Activity:
Exactly the line with "<X^r theta> has fractional" and the lines that follow it, through the closing line of the entries, should be restated, with nothing left out or added.

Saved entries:
- Opening Delimiter -
(* Let $p$ be a prime and let $\theta\in\mathbb{F}_p((X^{-1}))$ be a counterexample to the $X$-adic Littlewood conjecture over $\mathbb{F}_p$ with finite deficiency $D(\theta)\in\mathbb{N}_0$, i.e. for every $r\ge0$ all partial quotients $A^{(r)}_j$ of the simple continued fraction expansion of $\langle X^r\theta\rangle$ satisfy $\deg(A^{(r)}_j)\le D(\theta)+1$. Then for every $m>D(\theta)$ the digital $(D(\theta),m,3)$-net $(\boldsymbol{x}_n)_{0\le n<p^m}$ over $\mathbb{F}_p$ generated by $I^{(m)}$, $H^{(m)}(\theta)$ and $J^{(m)}$ is $(D(\theta)+3)$-admissible, i.e. $$\min_{0\le k<n<p^m}\|\boldsymbol{x}_k\ominus\boldsymbol{x}_n\|_p>p^{-m-D(\theta)-3}.$$
   Context: $\mathbb{F}_p((X^{-1}))$ is the field of formal Laurent series $\theta=\sum_{i=j}^\infty a_iX^{-i}$ over $\mathbb{F}_p$, with $|\theta|=2^{-j}$ for $a_j\ne0$, fractional part $\langle\theta\rangle=\sum_{i\ge\max\{1,j\}}a_iX^{-i}$, $\|\theta\|=|\langle\theta\rangle|$; $\theta$ is a counterexample to the $X$-adic Littlewood conjecture if $\inf_{r\ge0,Q\in\mathbb{F}_p[X]\setminus\{0\}}|Q|\cdot\|X^rQ\theta\|>0$. Matrices (rows indexed by $1,2,\dots$, columns by $0,\dots,m-1$): $I^{(m)}$ has entry $1$ in row $k$, column $k-1$, else $0$; $H^{(m)}(\theta)$ has entry $a_{k+l}$ in row $k$, column $l$ (with $a_i=0$ for $1\le i<j$); $J^{(m)}$ has entry $1$ in row $k$, column $m-k$ for $1\le k\le m$, else $0$. Point set: for $0\le n<p^m$ with base-$p$ digit vector $\vec n=(n_0,\dots,n_{m-1})^T$, $C_i\vec n=(y^{(i)}_1,y^{(i)}_2,\dots)^T$ mod $p$ ($C_1=I^{(m)},C_2=H^{(m)}(\theta),C_3=J^{(m)}$), $x^{(i)}_n=\sum_k y^{(i)}_kp^{-k}$, $\boldsymbol{x}_n=(x^{(1)}_n,x^{(2)}_n,x^{(3)}_n)$. For $\boldsymbol{x}=(x^{(1)},x^{(2)},x^{(3)})$ with digit expansions $x^{(i)}=\sum_{j\ge1}x^{(i)}_jp^{-j}$, $\|\boldsymbol{x}\|_p=p^{-l}$ with $l=\sum_{i=1}^3\min\{j\in\mathbb{N}:x^{(i)}_j\neq0\}$ (minimum of the empty set being $\infty$, so $\|\boldsymbol{x}\|_p=0$ if some coordinate is $0$). $\ominus$ is componentwise digit-wise subtraction modulo $p$: $x^{(i)}_k\ominus x^{(i)}_n=\sum_{j\ge1}\big((x^{(i)}_{k,j}-x^{(i)}_{n,j})\bmod p\big)p^{-j}$. *)

From mathcomp Require Import all_boot all_order all_algebra.
From Stdlib Require Import ClassicalEpsilon.
Set Implicit Arguments. Unset Strict Implicit. Unset Printing Implicit Defensive.
Import Order.TTheory GRing.Theory Num.Theory.
Local Open Scope ring_scope.

Definition first_nz (T : nmodType) (a : nat -> T) : option nat :=
  match excluded_middle_informative (exists n, a n != 0) with
  | left h => Some (@ex_minn (fun n => a n != 0) h)
  | right _ => None
  end.

(* ---------- Laurent series in X^{-1} over 'F_p ----------
   A fractional part  sum_{i>=1} a_i X^{-i}  is represented by f : nat -> 'F_p
   with f i = a_{i+1}  (coefficient of X^{-(i+1)}).  *)

Definition frac_abs (p : nat) (g : nat -> 'F_p) : rat :=
  match first_nz g with
  | Some v => ((2 ^ v.+1)%N%:R)^-1
  | None => 0
  end.

(* fractional part of X^r Q theta, where f is the fractional part of theta:
   coefficient of X^{-(i+1)} is sum_d Q_d a_{i+1+r+d} *)
Definition frac_XrQ (p : nat) (f : nat -> 'F_p) (r : nat) (Q : {poly 'F_p}) : nat -> 'F_p :=
  fun i => \sum_(d < size Q) Q`_d * f (i + r + d)%N.

Definition poly_abs (p : nat) (Q : {poly 'F_p}) : rat := (2 ^ (size Q).-1)%N%:R.

Definition XadicLC_counterexample (p : nat) (f : nat -> 'F_p) : Prop :=
  exists c : rat, 0 < c /\
    forall (r : nat) (Q : {poly 'F_p}), Q != 0 ->
      c <= poly_abs Q * frac_abs (frac_XrQ f r Q).

(* inv_step al A al' : for the (nonzero) fractional series al, the Laurent series
   A + al' (A polynomial part, al' fractional part) is the inverse of al,
   i.e. al * (A + al') = 1 coefficientwise:
   - coefficient of X^n (n >= 0):        sum_d A_d al_{d-n-1}                 = [n = 0]
   - coefficient of X^{-(s+1)} (s >= 0): sum_d A_d al_{d+s} + sum_{i+j=s-1} al_i al'_j = 0 *)
Definition inv_step (p : nat) (al : nat -> 'F_p) (A : {poly 'F_p}) (al' : nat -> 'F_p)
  : Prop :=
  (forall n : nat,
      \sum_(d < size A | (n < d)%N) A`_d * al (d - n.+1)%N = (n == 0%N)%:R) /\
  (forall s : nat,
      \sum_(d < size A) A`_d * al (d + s)%N
      + \sum_(i < s) al i * al' (s.-1 - i)%N = 0).

(* Continued fraction algorithm started at al0 (|al0| < 1):
   alpha_0 = al0, and while alpha_j <> 0:
   A_{j+1} = [1/alpha_j] (polynomial part), alpha_{j+1} = <1/alpha_j>. *)
Definition cf_expansion (p : nat) (al0 : nat -> 'F_p)
  (al : nat -> nat -> 'F_p) (A : nat -> {poly 'F_p}) : Prop :=
  (forall i, al 0%N i = al0 i) /\
  forall j, (exists i, al j i != 0) -> inv_step (al j) (A j.+1) (al j.+1).

(* Finite deficiency bound D: for every r >= 0, every partial quotient A_j (j >= 1)
   of the continued fraction expansion of <X^r theta> has degree <= D + 1.
   <X^r theta> has fractional coefficients i |-> f (i + r). *)
Definition deficiency_bound (p : nat) (f : nat -> 'F_p) (D : nat) : Prop :=
  forall (r : nat) (al : nat -> nat -> 'F_p) (A : nat -> {poly 'F_p}),
    cf_expansion (fun i => f (i + r)%N) al A ->
    forall j : nat, (forall i, (i <= j)%N -> exists t, al i t != 0) ->
      ((size (A j.+1)).-1 <= D.+1)%N.

(* ---------- the digital net ----------
   Generating matrices: rows indexed by k = 1,2,... (row 0 unused, set to 0),
   columns by 'I_m. *)
Definition Imat (p m : nat) : nat -> 'I_m -> 'F_p :=
  fun k l => ((k == (val l).+1) : nat)%:R.
(* H^{(m)}(theta): entry a_{k+l} = f (k - 1 + l) in row k >= 1, column l *)
Definition Hmat (p m : nat) (f : nat -> 'F_p) : nat -> 'I_m -> 'F_p :=
  fun k l => if k is k'.+1 then f (k' + val l)%N else 0.
Definition Jmat (p m : nat) : nat -> 'I_m -> 'F_p :=
  fun k l => (((0 < k <= m)%N && (val l == m - k)%N) : nat)%:R.

Definition ndigit (p n l : nat) : 'F_p := ((n %/ p ^ l) %% p)%N%:R.

(* digits y_1, y_2, ... (index k >= 1) of x_n = sum_k y_k p^{-k}, (y_k) = C n mod p *)
Definition net_digits (p m : nat) (C : nat -> 'I_m -> 'F_p) (n : nat) : nat -> 'F_p :=
  fun k => \sum_(l < m) C k l * ndigit p n l.

Definition dsub (p : nat) (x y : nat -> 'F_p) : nat -> 'F_p := fun k => x k - y k.

Definition dmin (p : nat) (x : nat -> 'F_p) : option nat :=
  omap S (first_nz (fun j => x j.+1)).

Definition pnorm3 (p : nat) (x1 x2 x3 : nat -> 'F_p) : rat :=
  match dmin x1, dmin x2, dmin x3 with
  | Some l1, Some l2, Some l3 => ((p ^ (l1 + l2 + l3))%N%:R)^-1
  | _, _, _ => 0
  end.

Definition net_dist (p m : nat) (f : nat -> 'F_p) (k n : nat) : rat :=
  pnorm3 (dsub (net_digits (@Imat p m) k) (net_digits (@Imat p m) n))
         (dsub (net_digits (@Hmat p m f) k) (net_digits (@Hmat p m f) n))
         (dsub (net_digits (@Jmat p m) k) (net_digits (@Jmat p m) n)).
- Closing Delimiter -
Response to the exercise:
   <X^r theta> has fractional coefficients i |-> f (i + r). *)
Definition deficiency_bound (p : nat) (f : nat -> 'F_p) (D : nat) : Prop :=
  forall (r : nat) (al : nat -> nat -> 'F_p) (A : nat -> {poly 'F_p}),
    cf_expansion (fun i => f (i + r)%N) al A ->
    forall j : nat, (forall i, (i <= j)%N -> exists t, al i t != 0) ->
      ((size (A j.+1)).-1 <= D.+1)%N.

(* ---------- the digital net ----------
   Generating matrices: rows indexed by k = 1,2,... (row 0 unused, set to 0),
   columns by 'I_m. *)
Definition Imat (p m : nat) : nat -> 'I_m -> 'F_p :=
  fun k l => ((k == (val l).+1) : nat)%:R.
(* H^{(m)}(theta): entry a_{k+l} = f (k - 1 + l) in row k >= 1, column l *)
Definition Hmat (p m : nat) (f : nat -> 'F_p) : nat -> 'I_m -> 'F_p :=
  fun k l => if k is k'.+1 then f (k' + val l)%N else 0.
Definition Jmat (p m : nat) : nat -> 'I_m -> 'F_p :=
  fun k l => (((0 < k <= m)%N && (val l == m - k)%N) : nat)%:R.

Definition ndigit (p n l : nat) : 'F_p := ((n %/ p ^ l) %% p)%N%:R.

(* digits y_1, y_2, ... (index k >= 1) of x_n = sum_k y_k p^{-k}, (y_k) = C n mod p *)
Definition net_digits (p m : nat) (C : nat -> 'I_m -> 'F_p) (n : nat) : nat -> 'F_p :=
  fun k => \sum_(l < m) C k l * ndigit p n l.

Definition dsub (p : nat) (x y : nat -> 'F_p) : nat -> 'F_p := fun k => x k - y k.

Definition dmin (p : nat) (x : nat -> 'F_p) : option nat :=
  omap S (first_nz (fun j => x j.+1)).

Definition pnorm3 (p : nat) (x1 x2 x3 : nat -> 'F_p) : rat :=
  match dmin x1, dmin x2, dmin x3 with
  | Some l1, Some l2, Some l3 => ((p ^ (l1 + l2 + l3))%N%:R)^-1
  | _, _, _ => 0
  end.

Definition net_dist (p m : nat) (f : nat -> 'F_p) (k n : nat) : rat :=
  pnorm3 (dsub (net_digits (@Imat p m) k) (net_digits (@Imat p m) n))
         (dsub (net_digits (@Hmat p m f) k) (net_digits (@Hmat p m f) n))
         (dsub (net_digits (@Jmat p m) k) (net_digits (@Jmat p m) n)).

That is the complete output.